To My
Beloved Cody2Feather
You are part of my soul
and the loss of you went straight to the soul.
It is impossible for me to get over, for in my heart there is a big hole.
I try so hard to feel happiness
again,
I even wear a smile and yet I feel as if I am dying inside.
My world is not so bright now with you gone,
light keeps fading and I want to run and hide.
Always before I could run to
you
and now there is naught but an empty field where once we were together.
Your trees are there, your favorite place to run, to roll and scratch your
back
all still there save you.
Everywhere I go I see you and realize how much I miss you
for on the day you died a piece of me died too.
Your presence in my life
was a burning flame.
And there are those that may think your flame is out, but they are wrong
You've been here with me all along.
You are my heart's song.
You were so early to be taken
away.
It hurt so much I can't even say.
But even though we have parted, you're still close to me.
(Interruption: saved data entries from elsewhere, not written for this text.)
Lemma B_point_of_radial_bound (phi : C * C -> C) (t1 t2 : C) s M :
  Cmod t1 = 1 -> Cmod t2 = 1 -> 0 < s <= 1 ->
  (forall u, 0 < u <= s ->
    Rabs ((1 - Cmod (phi ((RtoC (1 - u) * t1)%C, (RtoC (1 - u) * t2)%C))) / u) <= M) ->
  B_point phi (t1, t2).
Proof.
  intros Ht1 Ht2 Hs HM.
  set (u := fun k : nat => s / (INR k + 1)).
  assert (Hu : forall k, 0 < u k <= s).
  { intros k. pose proof (pos_INR k). unfold u. split; [apply Rdiv_lt_0_compat; lra|].
    apply Rle_trans with (s / 1); [|right; field].
    apply Rmult_le_compat_l; [lra | apply Rinv_le_contravar; lra]. }
  assert (Hdist : forall k t, Cmod t = 1 -> Cmod (RtoC (1 - u k) * t - t) = u k).
  { intros k t Ht. replace (RtoC (1 - u k) * t - t)%C with (RtoC (- u k) * t)%C
      by (rewrite RtoC_opp, RtoC_minus; ring).
    rewrite Cmod_scale_unit, Rabs_Ropp by exact Ht. apply Rabs_right; destruct (Hu k); lra. }
  exists (fun k => ((RtoC (1 - u k) * t1)%C, (RtoC (1 - u k) * t2)%C)). split; [|split].
  - intros k. destruct (Hu k). unfold in_D2; cbn [fst snd].
    change Defs.Cmod with Cmod. rewrite !Cmod_scale_unit, Rabs_right by (assumption || lra). lra.
  - intros eps Heps. destruct (archimed_cor1 eps Heps) as [N [HN HN0]].
    exists N. intros k Hk. cbn [fst snd]. change Defs.Csub with Cminus; change Defs.Cmod with Cmod.
    rewrite !Hdist by assumption.
    apply le_INR in Hk. assert (0 < INR N) by (apply lt_0_INR; lia).
    assert (u k < eps); [|split; assumption].
    apply Rle_lt_trans with (/ INR N); [|exact HN].
    unfold u, Rdiv. apply Rle_trans with (1 * / (INR k + 1)).
    + apply Rmult_le_compat_r; [apply Rlt_le, Rinv_0_lt_compat | ]; lra.
    + rewrite Rmult_1_l. apply Rinv_le_contravar; lra.
  - exists M. intros k. pose proof (Hu k). unfold supnorm; cbn [fst snd]. change Defs.Cmod with Cmod.
    rewrite !Cmod_scale_unit, (Rabs_right (1 - u k)), Rmax_left by (assumption || lra).
    replace (1 - (1 - u k)) with (u k) by ring. apply HM, Hu.
Qed.
(* [is_barcode_of M S B] : the submodule S of M (given pointwise by subspaces)
   has the interval decomposition S ~= (+)_b K_{B b}, with B : R -> intervals.
   The isomorphism is given by the images x b t of the generators of the
   interval modules K_{B b}: they are natural (map to the next generator
   inside the interval, to 0 when leaving it) and, at each t, the x b t with
   t in B b form a basis of S t (in particular only finitely many bars
   contain t). *)
Definition is_barcode_of d (T : orderType d) (K : fieldType) (M : pmod T K)
  (S : forall t : T, {vspace pm_sp M t}) (R : Type) (B : R -> T -> Prop) : Prop :=
  (forall b, is_interval (B b)) /\
  exists x : forall (b : R) (t : T), pm_sp M t,
    (forall b s t, (s <= t)%O -> B b s -> B b t -> pm_map M s t (x b s) = x b t) /\
    (forall b s t, (s <= t)%O -> B b s -> ~ B b t -> pm_map M s t (x b s) = 0) /\
    (forall t, exists n (e : 'I_n -> R),
        injective e /\ (forall b, B b t <-> exists i, e i = b) /\
        basis_of (S t) [seq x (e i) t | i <- enum 'I_n]).

Definition pim d (T : orderType d) (K : fieldType) (M N : pmod T K) (H : phom M N) :
  forall t : T, {vspace pm_sp N t} := fun t => limg (H t).

Definition same_upper d (T : orderType d) (I J : T -> Prop) : Prop :=
  forall t, (exists i, I i /\ (t <= i)%O) <-> (exists j, J j /\ (t <= j)%O).
Definition same_lower d (T : orderType d) (I J : T -> Prop) : Prop :=
  forall t, (exists i, I i /\ (i <= t)%O) <-> (exists j, J j /\ (j <= t)%O).

Definition strict_sub d (T : orderType d) (I J : T -> Prop) : Prop :=
  (forall t, I t -> J t) /\ ~ (forall t, J t -> I t).

(* [ranking grp B rk]: rk a is the position (0-based) of bar a in the list of
   bars of its group (bars with the same end, as given by grp), ordered by
   decreasing interval (ties between equal intervals broken arbitrarily). *)
Definition ranking d (T : orderType d) (grp : (T -> Prop) -> (T -> Prop) -> Prop)
  (R : Type) (B : R -> T -> Prop) (rk : R -> nat) : Prop :=
  (forall a a', grp (B a) (B a') -> rk a = rk a' -> a = a') /\
  (forall a a', grp (B a) (B a') -> strict_sub (B a') (B a) -> (rk a < rk a')%N) /\
  (forall a m, (m < rk a)%N -> exists a', grp (B a) (B a') /\ rk a' = m).

Definition up_ranking d (T : orderType d) := @ranking d T (@same_upper d T).
Definition low_ranking d (T : orderType d) := @ranking d T (@same_lower d T).

(* Bauer--Lesnick induced matching of a monomorphism X -> Y: match the i-th
   bars (for the up-rankings) with the same upper end. *)
Definition BL_mono d (T : orderType d) (RX RY : Type)
  (BX : RX -> T -> Prop) (rkX : RX -> nat) (BY : RY -> T -> Prop) (rkY : RY -> nat)
  : RX -> RY -> Prop :=
  fun a b => same_upper (BX a) (BY b) /\ rkX a = rkY b.

(* Bauer--Lesnick induced matching of an epimorphism X -> Y: same with lower ends. *)
Definition BL_epi d (T : orderType d) (RX RY : Type)
  (BX : RX -> T -> Prop) (rkX : RX -> nat) (BY : RY -> T -> Prop) (rkY : RY -> nat)
  : RX -> RY -> Prop :=
  fun a b => same_lower (BX a) (BY b) /\ rkX a = rkY b.

Definition rev_rel (A B : Type) (M : A -> B -> Prop) : B -> A -> Prop :=
  fun b a => M a b.

Definition bm_comp d (T : orderType d) (RA RB RC : Type)
  (A : RA -> T -> Prop) (C : RC -> T -> Prop)
  (N : RB -> RC -> Prop) (M : RA -> RB -> Prop) : RA -> RC -> Prop :=
  fun a c => (exists b, M a b /\ N b c) /\ (exists t, A a t /\ C c t).

Definition is_matching (A B : Type) (M : A -> B -> Prop) : Prop :=
  (forall a b b', M a b -> M a b' -> b = b') /\
  (forall a a' b, M a b -> M a' b -> a = a').

Definition barcode_matching d (T : orderType d) (RA RB : Type)
  (A : RA -> T -> Prop) (B : RB -> T -> Prop) (M : RA -> RB -> Prop) : Prop :=
  is_matching M /\ (forall a b, M a b -> exists t, A a t /\ B b t).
Yet all my pain others can't see.
I know I should put these feelings
in the past.
It's been a year now since I touched you and saw your face.
And my sad feelings move at such a deadly pace.
But every time I look up to the stars,
I know exactly where you are.
You're in my heart.
At least that's a start.
You watch over me day and night.
But I'm forlorn `cause you're always out of sight.
I know you hear my
prayers.
And my burdens you help bear.
I never could say a decent good bye.
I never will know why.
I guess because I still
can't think of you as gone.
Maybe that's how I cope with carrying on.
I guess you could say my feet were never on the ground.
But thoughts of your nickers and neighs would be a beautiful
sound.
My mind and heart are full
with thoughts of you.
And the memories of you will have to do.
Now comes the time when I must let go.
And it pains me so.
But I know you're in a better
land.
And now I think I understand.
That God choose to take you by His hand.
And even though that part I can not stand.
I know you're better off in the promise land.